Assigning the Template

Page Attributes

By now the custom template we just created should show up in the Page Attributes section with the Template Name we have chosen.

This template will behave exactly like the default page template as we are just loading that one with our template. The difference is that we now know when One Touch Scroll is required.

Loading the Script

We create a folder in our child theme called js and In there we create a file called one-touch-scroll.js. We now want to tell out functions.php to load that script when our custom page template is used.

function ots_enqueue() {

  if( is_page_template( ‘page-templates/custom-one-touch-scroll.php’ ) ) {
    wp_enqueue_script( … );
  }

}
add_action( ‘wp_enqueue_scripts’, ‘ots_enqueue’ );

Remember to specify jquery as dependency for our script to load after that.

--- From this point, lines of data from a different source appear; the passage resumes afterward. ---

Lemma solution_converges_to_stationary p1 p2 (q1 q2 : R -> R) :
  Hp1 p1 p2 = 0 -> Hp2 p1 p2 = 0 ->
  (forall t, 0 < t -> is_derive q1 t (Hp1 (q1 t) (q2 t)) /\ is_derive q2 t (Hp2 (q1 t) (q2 t))) ->
  is_lim q1 p_infty p1 /\ is_lim q2 p_infty p2.
Proof.
  intros hp1 hp2 hsol.
  set (V t := (q1 t - p1) ^ 2 + (q2 t - p2) ^ 2).
  set (D t := (q1 t - p1) * Hp1 (q1 t) (q2 t) + (q2 t - p2) * Hp2 (q1 t) (q2 t)).
  assert (hV0 : forall t, 0 <= V t)
    by (intros t; pose proof (pow2_ge_0 (q1 t - p1));
        pose proof (pow2_ge_0 (q2 t - p2)); unfold V; lra).
  assert (hV' : forall t, 0 < t -> is_derive V t (2 * D t)).
  { intros t ht; destruct (hsol t ht) as [d1 d2].
    pose proof (is_derive_plus _ _ t _ _ (is_derive_sqr_sub _ _ _ p1 d1)
                  (is_derive_sqr_sub _ _ _ p2 d2)) as h.
    replace (2 * D t) with (plus (2 * (q1 t - p1) * Hp1 (q1 t) (q2 t))
                                 (2 * (q2 t - p2) * Hp2 (q1 t) (q2 t)))
      by (unfold D, plus; simpl; ring).
    exact h. }
  assert (hVle : forall t, 1 <= t -> V t <= V 1).
  { intros t ht; apply (le_of_derive_nonpos V (fun s => 2 * D s) 1 t ht).
    - intros s hs; apply hV'; lra.
    - intros s _; pose proof (H1p_H2p_dissipative (q1 s) (q2 s) p1 p2) as h; pose proof Sm_coef_pos.
      rewrite hp1, hp2, !Rminus_0_r in h.
      pose proof (tanh_monotone (lm * q1 s) (lm * p1)).
      pose proof (tanh_monotone (lm * (L - q2 s)) (lm * (L - p2))).
      unfold D; nra. }
  destruct (H1p_H2p_strongly_dissipative_near p1 p2 (V 1)) as [k [hk hstrong]].
  assert (hVlim : is_lim V p_infty 0).
  { apply (gronwall_is_lim_0 V (fun s => 2 * D s) 1 (2 * k)); [lra | easy | |].
    - intros t ht; apply hV'; lra.
    - intros t ht; pose proof (hstrong (q1 t) (q2 t) (hVle t ht)) as h.
      rewrite hp1, hp2, !Rminus_0_r in h; unfold D, V in *; lra. }
  split; apply (is_lim_of_sqr_sub_le _ V); try easy; intros t; unfold V;
    [pose proof (pow2_ge_0 (q2 t - p2)) | pose proof (pow2_ge_0 (q1 t - p1))]; lra.
Qed.

Local Notation sym_stat := (sym_stationary L mp mm rp rm Sp Sm SI).

Lemma sym_stationary_iff a b : sym_stat a b <-> b = L - a /\ Hp2 a (L - a) = 0.
Proof.
  assert (hsym : Hp1 a (L - a) = - Hp2 a (L - a))
    by (unfold H1p, H2p; replace (L - (L - a)) with a by ring; ring).
  unfold sym_stationary; split.
  - intros (_ & h2 & ->); split; [ring|]. now replace (L - (L - b)) with b by ring.
  - intros (-> & h2); rewrite hsym, h2. repeat split; ring.
Qed.

Lemma H2p_sym_lt x y : x < y -> Hp2 x (L - x) < Hp2 y (L - y).
Proof.
  intros hxy.
  pose proof Sp_coef_neg; pose proof Sm_coef_pos.
  pose proof (lam_pos rp mp hrp hmp); pose proof (lam_pos rm mm hrm hmm).
  assert (Sm / rm * mm * lm * tanh (lm * x) < Sm / rm * mm * lm * tanh (lm * y))
    by (apply Rmult_lt_compat_l, tanh_lt; nra).
  assert (Sp / rp * mp * lp * tanh (lp * ((L - x - x) / 2))
          < Sp / rp * mp * lp * tanh (lp * ((L - y - y) / 2)))
    by (apply Rmult_lt_gt_compat_neg_l, tanh_lt; nra).
  unfold H2p; replace (L - (L - x)) with x by ring; replace (L - (L - y)) with y by ring.
  lra.
Qed.

Lemma sym_stationary_unique a b a' b' : sym_stat a b -> sym_stat a' b' -> a = a' /\ b = b'.
Proof.
  intros [-> h]%sym_stationary_iff [-> h']%sym_stationary_iff.
  destruct (Rtotal_order a a') as [hlt | [-> | hgt]].
  - pose proof (H2p_sym_lt a a' hlt); lra.
  - split; reflexivity.
  - pose proof (H2p_sym_lt a' a hgt); lra.
Qed.

Lemma continuity_H2p_sym : continuity (fun x => Hp2 x (L - x)).
Proof.
  intros x; apply continuity_pt_filterlim, (ex_derive_continuous (fun x => Hp2 x (L - x))).
  unfold H2p; auto_derive.
  split; [|split; [|easy]]; eexists; apply is_derive_tanh.
Qed.

Lemma sym_stationary_exists : 0 < L -> SI = 0 -> exists z, 0 < z < L / 2 /\ sym_stat z (L - z).
Proof.
  intros hL hSI.
  pose proof Sp_coef_neg; pose proof Sm_coef_pos.
  pose proof (lam_pos rp mp hrp hmp); pose proof (lam_pos rm mm hrm hmm).
  assert (Sp / rp * mp * lp < 0) by nra; assert (0 < Sm / rm * mm * lm) by nra.
  assert (htanh0 : tanh 0 = 0) by (unfold tanh; rewrite sinh_0; apply Rdiv_0_l).
  assert (hg0 : Hp2 0 (L - 0) < 0).
  { pose proof (tanh_lt 0 (lp * ((L - 0 - 0) / 2)) ltac:(nra)).
    unfold H2p; rewrite hSI; replace (L - (L - 0)) with 0 by ring.
    rewrite Rmult_0_r, htanh0 in *; nra. }
  assert (hgL : 0 < Hp2 (L / 2) (L - L / 2)).
  { pose proof (tanh_lt 0 (lm * (L / 2)) ltac:(nra)).
    unfold H2p; rewrite hSI; replace (L - (L - L / 2)) with (L / 2) by field.
    replace (L - L / 2 - L / 2) with 0 by field.
    rewrite Rdiv_0_l, Rmult_0_r, htanh0 in *; nra. }
  destruct (IVT _ 0 (L / 2) continuity_H2p_sym ltac:(lra) hg0 hgL) as [z [hz hgz]].
  exists z; split.
  - split; [destruct (Req_dec z 0) | destruct (Req_dec z (L / 2))]; subst; lra.
  - apply sym_stationary_iff; split; [ring | exact hgz].
Qed.

End GradientFlow.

wp_enqueue_script( ‘ots-js’, get_stylesheet_directory_uri() . ‘/js/one-touch-scroll.js’, array(‘jquery’), ‘1.0’, true);

You can put an alert( ‘ots loaded’ ); inside one-touch-scroll.js for now to check if the script is loading when our custom template is assigned.

Writing the Script

I will just go over the basic concept here skipping sanitization. You can download the script at GitHub if you want to. So first we want to bind a function to the mousewheel scroll event

jQuery( document ).on( ‘mousewheel DOMMouseScroll’, function( event ) { … }

In that function we need the direction of the scroll

var direction = event.originalEvent.wheelDelta || -event.originalEvent.detail;

the position we are currently at as a jQuery object

var $position = jQuery( ‘.et_pb_side_nav’ ).find( ‘.active’ );

and the position we will scroll to ~ again a jQuery object ~ for later

var $target;

As $position is holding the .active a-tag, we now get the parent into $target depending on direction ~ .next() or .prev() ~

$target = jQuery( $position ).parent().next();

Last thing to do is to simulate a click on the $target’s child a-tag

jQuery( $target ).children( ‘a’ ).trigger( “click” );

That Creative was actually right. We have managed to achieve a complex task with good thinking and very little coding thanks to Divi‘s dot-navigation. No problem at all indeed.